Beneath this line is the data. Output exactly the lines from the line with "by rewrite mulr0" to the line with "(* Let $E$ be", both ends included, and nothing more.
Segment Start: Task inputs
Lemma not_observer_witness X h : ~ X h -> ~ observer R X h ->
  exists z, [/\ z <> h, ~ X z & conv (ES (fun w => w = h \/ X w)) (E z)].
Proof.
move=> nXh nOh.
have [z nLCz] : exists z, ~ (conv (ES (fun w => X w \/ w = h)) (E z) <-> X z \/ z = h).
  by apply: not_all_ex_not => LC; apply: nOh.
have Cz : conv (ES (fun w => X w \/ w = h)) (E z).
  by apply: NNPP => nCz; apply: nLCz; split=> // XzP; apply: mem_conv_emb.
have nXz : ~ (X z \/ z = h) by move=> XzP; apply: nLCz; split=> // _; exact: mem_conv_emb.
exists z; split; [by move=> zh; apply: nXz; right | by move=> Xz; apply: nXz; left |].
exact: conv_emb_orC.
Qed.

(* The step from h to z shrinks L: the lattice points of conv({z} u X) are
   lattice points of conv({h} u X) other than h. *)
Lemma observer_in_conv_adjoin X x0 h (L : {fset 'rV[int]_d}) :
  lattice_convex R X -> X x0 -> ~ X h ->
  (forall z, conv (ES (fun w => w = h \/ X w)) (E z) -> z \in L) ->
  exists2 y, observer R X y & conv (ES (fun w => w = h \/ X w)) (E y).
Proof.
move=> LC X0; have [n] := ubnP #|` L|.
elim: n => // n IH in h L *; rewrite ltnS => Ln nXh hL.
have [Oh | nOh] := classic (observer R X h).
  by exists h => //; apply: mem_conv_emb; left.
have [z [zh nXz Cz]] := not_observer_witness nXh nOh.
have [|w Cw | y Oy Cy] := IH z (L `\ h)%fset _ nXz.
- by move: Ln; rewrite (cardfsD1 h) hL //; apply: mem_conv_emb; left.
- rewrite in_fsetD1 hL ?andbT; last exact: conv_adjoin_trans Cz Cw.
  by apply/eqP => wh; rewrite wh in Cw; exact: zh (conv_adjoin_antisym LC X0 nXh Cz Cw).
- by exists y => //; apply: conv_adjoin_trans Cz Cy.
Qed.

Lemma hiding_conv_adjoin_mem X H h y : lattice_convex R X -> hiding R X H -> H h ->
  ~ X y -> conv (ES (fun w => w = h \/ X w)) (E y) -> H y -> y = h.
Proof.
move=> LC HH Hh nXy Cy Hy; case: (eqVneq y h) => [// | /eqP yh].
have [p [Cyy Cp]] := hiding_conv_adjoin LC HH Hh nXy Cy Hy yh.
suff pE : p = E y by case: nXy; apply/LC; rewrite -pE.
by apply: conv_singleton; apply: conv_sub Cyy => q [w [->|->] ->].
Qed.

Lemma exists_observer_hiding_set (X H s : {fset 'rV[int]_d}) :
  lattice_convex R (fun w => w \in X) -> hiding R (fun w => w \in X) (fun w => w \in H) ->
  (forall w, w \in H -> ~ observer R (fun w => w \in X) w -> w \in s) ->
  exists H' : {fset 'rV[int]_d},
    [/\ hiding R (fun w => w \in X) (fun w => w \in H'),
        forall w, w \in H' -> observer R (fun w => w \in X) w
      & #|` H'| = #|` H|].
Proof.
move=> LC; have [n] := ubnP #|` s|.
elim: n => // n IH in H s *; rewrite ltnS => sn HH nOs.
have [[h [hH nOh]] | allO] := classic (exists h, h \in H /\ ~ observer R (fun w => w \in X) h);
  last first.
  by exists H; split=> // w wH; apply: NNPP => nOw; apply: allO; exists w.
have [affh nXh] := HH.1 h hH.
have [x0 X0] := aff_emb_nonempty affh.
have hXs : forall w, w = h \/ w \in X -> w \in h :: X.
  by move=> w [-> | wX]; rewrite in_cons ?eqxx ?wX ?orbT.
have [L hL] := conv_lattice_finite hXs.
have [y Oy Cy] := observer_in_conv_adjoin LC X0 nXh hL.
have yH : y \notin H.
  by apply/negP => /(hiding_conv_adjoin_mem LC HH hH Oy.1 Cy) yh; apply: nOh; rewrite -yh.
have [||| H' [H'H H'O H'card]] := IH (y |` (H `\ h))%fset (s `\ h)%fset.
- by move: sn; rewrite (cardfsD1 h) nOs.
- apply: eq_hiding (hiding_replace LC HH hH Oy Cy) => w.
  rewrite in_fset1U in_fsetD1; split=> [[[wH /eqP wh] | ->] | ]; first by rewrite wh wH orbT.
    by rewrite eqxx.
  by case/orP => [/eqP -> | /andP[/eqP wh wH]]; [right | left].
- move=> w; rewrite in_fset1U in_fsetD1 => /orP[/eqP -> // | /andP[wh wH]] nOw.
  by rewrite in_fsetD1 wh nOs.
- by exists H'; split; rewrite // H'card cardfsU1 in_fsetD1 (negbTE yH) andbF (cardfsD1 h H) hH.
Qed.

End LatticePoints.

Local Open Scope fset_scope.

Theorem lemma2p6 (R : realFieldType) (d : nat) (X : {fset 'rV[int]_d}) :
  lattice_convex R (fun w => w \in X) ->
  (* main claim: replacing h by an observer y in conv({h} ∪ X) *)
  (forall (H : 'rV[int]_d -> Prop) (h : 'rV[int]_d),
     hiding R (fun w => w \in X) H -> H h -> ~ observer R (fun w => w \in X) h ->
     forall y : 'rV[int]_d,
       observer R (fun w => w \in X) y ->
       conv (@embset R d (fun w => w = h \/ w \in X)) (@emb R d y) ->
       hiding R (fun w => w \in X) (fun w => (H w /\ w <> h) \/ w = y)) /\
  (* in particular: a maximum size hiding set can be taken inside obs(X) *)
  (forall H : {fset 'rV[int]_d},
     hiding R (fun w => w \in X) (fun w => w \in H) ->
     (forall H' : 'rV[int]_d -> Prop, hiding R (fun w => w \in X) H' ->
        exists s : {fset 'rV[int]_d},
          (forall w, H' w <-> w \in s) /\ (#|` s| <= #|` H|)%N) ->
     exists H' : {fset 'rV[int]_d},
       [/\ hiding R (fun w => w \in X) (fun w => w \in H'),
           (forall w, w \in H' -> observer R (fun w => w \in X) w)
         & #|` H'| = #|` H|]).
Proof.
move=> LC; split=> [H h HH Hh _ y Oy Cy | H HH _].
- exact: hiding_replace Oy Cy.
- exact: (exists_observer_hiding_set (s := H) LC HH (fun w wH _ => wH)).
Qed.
Segment End: Task inputs
Segment Start: Task inputs
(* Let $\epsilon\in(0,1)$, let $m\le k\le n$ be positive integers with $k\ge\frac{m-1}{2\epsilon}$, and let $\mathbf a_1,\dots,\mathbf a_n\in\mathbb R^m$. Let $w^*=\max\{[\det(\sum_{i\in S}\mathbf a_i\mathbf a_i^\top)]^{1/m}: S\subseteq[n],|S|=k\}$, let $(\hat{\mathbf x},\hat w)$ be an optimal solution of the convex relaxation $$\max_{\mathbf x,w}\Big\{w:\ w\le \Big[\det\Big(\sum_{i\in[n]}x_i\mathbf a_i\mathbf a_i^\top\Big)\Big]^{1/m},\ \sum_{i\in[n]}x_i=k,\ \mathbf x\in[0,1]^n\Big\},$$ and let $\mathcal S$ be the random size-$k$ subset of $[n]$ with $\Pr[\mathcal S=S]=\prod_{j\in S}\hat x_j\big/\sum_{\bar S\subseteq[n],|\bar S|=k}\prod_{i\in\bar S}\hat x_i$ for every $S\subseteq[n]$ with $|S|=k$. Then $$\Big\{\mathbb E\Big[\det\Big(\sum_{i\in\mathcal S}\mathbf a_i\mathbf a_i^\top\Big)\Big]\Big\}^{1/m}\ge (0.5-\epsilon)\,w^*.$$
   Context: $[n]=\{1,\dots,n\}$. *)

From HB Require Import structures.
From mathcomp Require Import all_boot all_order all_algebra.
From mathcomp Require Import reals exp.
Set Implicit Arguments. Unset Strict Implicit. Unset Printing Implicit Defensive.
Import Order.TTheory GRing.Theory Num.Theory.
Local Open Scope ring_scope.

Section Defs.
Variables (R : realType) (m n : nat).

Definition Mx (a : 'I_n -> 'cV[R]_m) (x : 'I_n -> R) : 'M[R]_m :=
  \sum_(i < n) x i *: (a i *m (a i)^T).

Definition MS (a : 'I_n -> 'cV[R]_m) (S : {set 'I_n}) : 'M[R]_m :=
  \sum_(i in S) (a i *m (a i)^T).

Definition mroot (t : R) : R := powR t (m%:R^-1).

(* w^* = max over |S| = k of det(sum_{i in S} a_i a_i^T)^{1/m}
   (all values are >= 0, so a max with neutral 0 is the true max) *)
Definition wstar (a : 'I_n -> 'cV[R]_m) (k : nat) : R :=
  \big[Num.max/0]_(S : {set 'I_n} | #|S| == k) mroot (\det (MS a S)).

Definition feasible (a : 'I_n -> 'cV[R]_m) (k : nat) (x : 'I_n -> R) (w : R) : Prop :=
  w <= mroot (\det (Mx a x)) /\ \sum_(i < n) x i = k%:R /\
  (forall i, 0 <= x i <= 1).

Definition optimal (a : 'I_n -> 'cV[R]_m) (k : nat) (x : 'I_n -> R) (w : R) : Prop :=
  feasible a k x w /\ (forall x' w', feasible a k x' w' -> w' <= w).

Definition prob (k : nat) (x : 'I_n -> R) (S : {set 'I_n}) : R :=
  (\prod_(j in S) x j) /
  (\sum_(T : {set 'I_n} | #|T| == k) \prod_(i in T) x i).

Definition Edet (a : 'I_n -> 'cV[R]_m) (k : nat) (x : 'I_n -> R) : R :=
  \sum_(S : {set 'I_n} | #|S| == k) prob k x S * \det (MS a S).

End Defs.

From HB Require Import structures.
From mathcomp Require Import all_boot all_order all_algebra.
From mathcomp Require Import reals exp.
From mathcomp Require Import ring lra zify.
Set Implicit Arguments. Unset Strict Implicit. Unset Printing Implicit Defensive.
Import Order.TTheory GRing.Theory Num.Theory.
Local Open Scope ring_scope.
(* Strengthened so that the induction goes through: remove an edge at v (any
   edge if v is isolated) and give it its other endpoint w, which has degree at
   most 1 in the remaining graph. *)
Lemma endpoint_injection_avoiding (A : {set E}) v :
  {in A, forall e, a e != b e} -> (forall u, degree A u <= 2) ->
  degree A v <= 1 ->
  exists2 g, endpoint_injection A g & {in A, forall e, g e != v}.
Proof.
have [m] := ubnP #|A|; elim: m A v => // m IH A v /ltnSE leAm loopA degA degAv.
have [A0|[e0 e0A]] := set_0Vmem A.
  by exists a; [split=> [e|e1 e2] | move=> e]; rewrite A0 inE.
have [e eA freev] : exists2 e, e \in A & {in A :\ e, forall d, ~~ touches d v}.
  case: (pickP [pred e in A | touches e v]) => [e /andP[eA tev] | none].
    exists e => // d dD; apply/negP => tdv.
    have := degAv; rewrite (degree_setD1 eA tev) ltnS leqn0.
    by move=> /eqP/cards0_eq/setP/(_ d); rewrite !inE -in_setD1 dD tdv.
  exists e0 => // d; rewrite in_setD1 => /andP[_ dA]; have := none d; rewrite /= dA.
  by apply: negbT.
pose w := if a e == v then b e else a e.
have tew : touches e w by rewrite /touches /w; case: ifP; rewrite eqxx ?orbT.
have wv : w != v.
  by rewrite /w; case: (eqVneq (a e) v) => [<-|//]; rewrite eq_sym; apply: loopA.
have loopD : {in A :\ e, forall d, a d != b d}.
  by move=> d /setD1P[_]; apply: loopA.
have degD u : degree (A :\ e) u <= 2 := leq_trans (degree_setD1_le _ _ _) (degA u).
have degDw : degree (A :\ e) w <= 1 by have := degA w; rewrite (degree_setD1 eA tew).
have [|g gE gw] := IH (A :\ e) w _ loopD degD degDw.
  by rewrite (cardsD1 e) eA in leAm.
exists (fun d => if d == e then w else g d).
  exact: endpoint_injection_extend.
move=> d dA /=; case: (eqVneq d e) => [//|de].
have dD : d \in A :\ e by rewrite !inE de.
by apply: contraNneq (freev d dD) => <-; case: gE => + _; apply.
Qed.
Segment End: Task inputs
Segment Start: Task inputs
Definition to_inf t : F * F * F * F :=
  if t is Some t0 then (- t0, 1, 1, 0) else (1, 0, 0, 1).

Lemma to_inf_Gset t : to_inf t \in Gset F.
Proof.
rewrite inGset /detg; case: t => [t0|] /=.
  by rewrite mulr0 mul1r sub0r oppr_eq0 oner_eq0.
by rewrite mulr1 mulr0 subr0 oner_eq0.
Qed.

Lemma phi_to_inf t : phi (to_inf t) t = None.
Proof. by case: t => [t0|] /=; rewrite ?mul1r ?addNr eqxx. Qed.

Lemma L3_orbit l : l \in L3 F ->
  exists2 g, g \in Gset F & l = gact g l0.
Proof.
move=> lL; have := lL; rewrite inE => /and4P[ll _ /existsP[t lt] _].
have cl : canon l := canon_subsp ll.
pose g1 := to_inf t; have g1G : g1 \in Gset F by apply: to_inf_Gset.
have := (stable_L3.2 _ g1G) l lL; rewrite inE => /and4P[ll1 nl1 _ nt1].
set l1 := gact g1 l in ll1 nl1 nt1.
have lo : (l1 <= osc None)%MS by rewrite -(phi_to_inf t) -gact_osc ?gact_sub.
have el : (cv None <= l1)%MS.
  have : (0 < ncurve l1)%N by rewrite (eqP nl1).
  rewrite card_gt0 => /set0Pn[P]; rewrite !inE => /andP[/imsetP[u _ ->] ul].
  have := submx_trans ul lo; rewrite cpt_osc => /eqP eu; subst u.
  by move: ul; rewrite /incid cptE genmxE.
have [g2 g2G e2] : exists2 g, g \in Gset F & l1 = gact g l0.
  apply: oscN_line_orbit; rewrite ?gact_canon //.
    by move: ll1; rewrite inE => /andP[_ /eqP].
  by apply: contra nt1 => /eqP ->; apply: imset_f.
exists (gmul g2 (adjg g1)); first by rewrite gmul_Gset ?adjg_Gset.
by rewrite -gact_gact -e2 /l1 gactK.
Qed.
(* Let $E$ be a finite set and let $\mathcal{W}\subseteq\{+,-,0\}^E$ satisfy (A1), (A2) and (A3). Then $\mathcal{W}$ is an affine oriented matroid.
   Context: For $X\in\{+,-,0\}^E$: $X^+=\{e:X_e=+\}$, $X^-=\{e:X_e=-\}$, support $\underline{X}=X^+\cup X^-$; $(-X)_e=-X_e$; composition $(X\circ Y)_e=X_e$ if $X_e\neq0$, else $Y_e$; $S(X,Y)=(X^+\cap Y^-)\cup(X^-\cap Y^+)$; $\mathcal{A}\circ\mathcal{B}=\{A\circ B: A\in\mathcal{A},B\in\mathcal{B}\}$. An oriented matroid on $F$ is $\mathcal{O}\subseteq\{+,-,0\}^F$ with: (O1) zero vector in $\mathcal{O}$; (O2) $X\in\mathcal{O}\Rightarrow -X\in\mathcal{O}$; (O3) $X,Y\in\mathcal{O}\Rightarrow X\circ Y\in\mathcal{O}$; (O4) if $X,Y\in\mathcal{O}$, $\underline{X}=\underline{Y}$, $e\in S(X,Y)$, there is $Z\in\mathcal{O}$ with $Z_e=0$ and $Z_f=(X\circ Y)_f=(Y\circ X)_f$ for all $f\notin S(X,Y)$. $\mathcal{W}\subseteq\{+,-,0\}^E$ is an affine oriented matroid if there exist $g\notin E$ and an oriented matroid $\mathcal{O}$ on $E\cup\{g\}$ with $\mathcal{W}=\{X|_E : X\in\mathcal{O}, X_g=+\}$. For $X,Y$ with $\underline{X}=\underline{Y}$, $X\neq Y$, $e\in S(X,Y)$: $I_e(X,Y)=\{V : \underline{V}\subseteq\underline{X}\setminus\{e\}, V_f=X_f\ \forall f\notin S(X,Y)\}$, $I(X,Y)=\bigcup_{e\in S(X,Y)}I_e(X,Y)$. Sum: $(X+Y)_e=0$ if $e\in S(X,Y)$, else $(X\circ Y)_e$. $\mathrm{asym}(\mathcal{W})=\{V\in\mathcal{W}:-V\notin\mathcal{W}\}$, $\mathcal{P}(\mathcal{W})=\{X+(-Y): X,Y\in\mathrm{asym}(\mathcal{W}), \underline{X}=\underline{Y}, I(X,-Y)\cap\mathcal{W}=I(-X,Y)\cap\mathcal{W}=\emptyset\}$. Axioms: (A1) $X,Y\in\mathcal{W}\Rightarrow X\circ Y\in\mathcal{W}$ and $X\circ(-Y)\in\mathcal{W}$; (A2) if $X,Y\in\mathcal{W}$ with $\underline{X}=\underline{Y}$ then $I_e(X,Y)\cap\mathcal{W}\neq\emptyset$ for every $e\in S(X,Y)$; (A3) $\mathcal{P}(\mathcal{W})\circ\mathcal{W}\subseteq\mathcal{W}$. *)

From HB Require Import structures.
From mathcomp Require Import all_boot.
Segment End: Task inputs
▸ Response:
  by rewrite mulr0 mul1r sub0r oppr_eq0 oner_eq0.
by rewrite mulr1 mulr0 subr0 oner_eq0.
Qed.

Lemma phi_to_inf t : phi (to_inf t) t = None.
Proof. by case: t => [t0|] /=; rewrite ?mul1r ?addNr eqxx. Qed.

Lemma L3_orbit l : l \in L3 F ->
  exists2 g, g \in Gset F & l = gact g l0.
Proof.
move=> lL; have := lL; rewrite inE => /and4P[ll _ /existsP[t lt] _].
have cl : canon l := canon_subsp ll.
pose g1 := to_inf t; have g1G : g1 \in Gset F by apply: to_inf_Gset.
have := (stable_L3.2 _ g1G) l lL; rewrite inE => /and4P[ll1 nl1 _ nt1].
set l1 := gact g1 l in ll1 nl1 nt1.
have lo : (l1 <= osc None)%MS by rewrite -(phi_to_inf t) -gact_osc ?gact_sub.
have el : (cv None <= l1)%MS.
  have : (0 < ncurve l1)%N by rewrite (eqP nl1).
  rewrite card_gt0 => /set0Pn[P]; rewrite !inE => /andP[/imsetP[u _ ->] ul].
  have := submx_trans ul lo; rewrite cpt_osc => /eqP eu; subst u.
  by move: ul; rewrite /incid cptE genmxE.
have [g2 g2G e2] : exists2 g, g \in Gset F & l1 = gact g l0.
  apply: oscN_line_orbit; rewrite ?gact_canon //.
    by move: ll1; rewrite inE => /andP[_ /eqP].
  by apply: contra nt1 => /eqP ->; apply: imset_f.
exists (gmul g2 (adjg g1)); first by rewrite gmul_Gset ?adjg_Gset.
by rewrite -gact_gact -e2 /l1 gactK.
Qed.
(* Let $E$ be a finite set and let $\mathcal{W}\subseteq\{+,-,0\}^E$ satisfy (A1), (A2) and (A3). Then $\mathcal{W}$ is an affine oriented matroid.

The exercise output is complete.